Murmansk Governor Andrey Chibis (right) has look at site for Liinakhamari tourism complex together with Head of Rosturizm Zarina Doguzova. Photo:

Yacht club, comfy hotels and glamping. This is Nornickel's planned tourism hub on Barents Sea coast

As the mining and metallurgy company closes it aging plant in Nikel, it invests billions in a nearby major tourism complex.
September 23, 2020


It is company subsidiary Port Liinakhamari that is leading the development of the complex that could become one of the major tourist attractions in the Kola Peninsula.

Liinakhamari is located on the Barents Sea coast, near the border to Norway.

According to regional Deputy Governor Olga Kuznetsova, the tourism complex located only few kilometers from Norway, will have several 3 and 4-star hotels and glamorous camping facilities, so-called glamping.

Included in the plans is a yacht club with space for up to 150 yachts, Kuznetsova said in a conference on Arctic tourism this week.

Big infrastructure upgrade

The company has already won the right to engage in recreation king crab fishing and visiting tourists are ultimately to be offered king crab safari, as well as several more local adventures.

New local hotels will have up to 900 beds and there will be a serious upgrade of local infrastructure. The Liinakhamari seaport will be able to host major cruise vessels and the nearby Korznovo airport that was closed and abandoned in the 1990s will be reopened, the developers say.

Construction start is set to 2021 and the whole complex is to be ready “before 2030”, news agency Interfax reports. Up to 14 billion rubles (€157 million) is to be invested in the project and 500 new jobs created.

Military ground

Talks with the Ministry of Defense about the take-over of the Korsunovo air fields, as well as land on the coast of the Pechenga Bay, are already in process, according to representatives of NorNickel.


This week, the site for the projected complex was visited by Zarina Doguzova, leader of Russian state tourism agency Rosturizm.

“Liinakhamari is a potential growth point for tourism, after all Murmansk Oblast is located only a two-hour flight from Moscow. And then you are in the real Arctic, on the edge of the world by the Barents Sea! Here is an unbelievable beauty of nature, northern lights, culture and traditions of indigenous peoples, local gastronomy,” Doguzova said after her meetings with regional Governor Andrey Chibis.

New industry

The tourism project has been included in a favorable tax regime recently established in the Murmansk region. It comes as mining and metallurgy company Nornickel is about to close its smelter in Nikel. The plant that over decades have seriously polluted the vulnerable local nature is to be closed before the end of 2020 and several hundred people could end up without jobs.

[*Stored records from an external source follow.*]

Lemma nc_term_shift p q x y j : 1 < p -> 0 < q -> 0 <= y <= 1 ->
  nc_term x y (p - 1) (q + 1) j - nc_term x y p q j
  = beta_kernel (p - 1) q y / (q * Beta p q) * kummer_term p q x y j.
Proof.
  intros Hp Hq Hy; rewrite <- kernel_term by lra; unfold nc_term.
  pose proof (pos_INR j).
  pose proof (Ibeta_shift y (p - 1 + INR j) q ltac:(lra) Hq Hy) as Hshift.
  replace (p - 1 + INR j + 1) with (p + INR j) in Hshift by ring.
  rewrite Hshift; ring.
Qed.

Lemma ncbeta_difference p q p' q' x y K : 0 < p -> 0 < q -> 0 < p' -> 0 < q' ->
  0 <= x -> 0 <= y <= 1 ->
  (forall j, nc_term x y p' q' j - nc_term x y p q j = K * kummer_term p q x y j) ->
  ncbeta p q x y = ncbeta p' q' x y - exp (- x / 2) * K * kummerM (p + q) p (x * y / 2).
Proof.
  intros Hp Hq Hp' Hq' Hx Hy Hterm.
  destruct (nc_term_summable x y p q Hx Hy Hp Hq) as [l Hl].
  destruct (nc_term_summable x y p' q' Hx Hy Hp' Hq') as [l' Hl'].
  change (ncbeta p q x y) with (exp (- x / 2) * series (nc_term x y p q)).
  change (ncbeta p' q' x y) with (exp (- x / 2) * series (nc_term x y p' q')).
  change (kummerM (p + q) p (x * y / 2)) with (series (kummer_term p q x y)).
  rewrite (series_eq _ _ Hl), (series_eq _ _ Hl'), (series_difference _ _ _ K l l' Hl Hl' Hterm).
  ring.
Qed.

Theorem mainTheorem4 (p q x y : R) :
  0 < p -> 0 < q -> 0 <= x -> 0 <= y <= 1 ->
  ncbeta p q x y =
    ncbeta p (q + 1) x y
    - exp (- x / 2) / (q * Beta p q) * rpow y p * rpow (1 - y) q
      * kummerM (p + q) p (x * y / 2)
  /\
  ncbetaC p q x y =
    ncbetaC p (q + 1) x y
    + exp (- x / 2) / (q * Beta p q) * rpow y p * rpow (1 - y) q
      * kummerM (p + q) p (x * y / 2)
  /\
  (1 < p ->
   ncbeta p q x y =
    ncbeta (p - 1) (q + 1) x y
    - exp (- x / 2) / (q * Beta p q) * rpow y (p - 1) * rpow (1 - y) q
      * kummerM (p + q) p (x * y / 2)).
Proof.
  intros Hp Hq Hx Hy.
  pose proof (Beta_pos p q Hp Hq) as HB.
  assert (Hq_step : ncbeta p q x y =
    ncbeta p (q + 1) x y
    - exp (- x / 2) / (q * Beta p q) * rpow y p * rpow (1 - y) q
      * kummerM (p + q) p (x * y / 2)).
  { rewrite (ncbeta_difference p q p (q + 1) x y _ Hp Hq Hp ltac:(lra) Hx Hy
               (fun j => nc_term_succ_r p q x y j Hp Hq Hy)).
    unfold beta_kernel; field; lra. }
  split; [exact Hq_step | split].
  - unfold ncbetaC; rewrite Hq_step; ring.
  - intros Hp1.
    rewrite (ncbeta_difference p q (p - 1) (q + 1) x y _ Hp Hq ltac:(lra) ltac:(lra) Hx Hy
               (fun j => nc_term_shift p q x y j Hp1 Hq Hy)).
    unfold beta_kernel; field; lra.
Qed.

The Liinakhamari project is presented by NorNickel as a way to replace the economic activity lost with the closure of the Nikel plant.

Strategic waters

In the Soviet period, Liinakhamari housed a Northern Fleet naval base. In the post-Soviet period, the small village and adjacent Pechenga Bay has been used for salmon farming and minor tourism initiatives.

Before 1944, Liinakhamari and the surrounding Pechenga area belonged to Finland. It was annexed by the Soviet Union after the Second World War.

These are Arctic waters of major military strategic importance. The Pechenga Bay does not freeze in winter.

The bay was actively used by occupying Nazi forces during the 2WW. Following the end of the war, a major Soviet war memorial was built on site.

That memorial however was deliberately demolished by unknown persons on the 14th September, only few days ahead of the visit to site by Governor Chibis and Rosturizm leader Doguzova.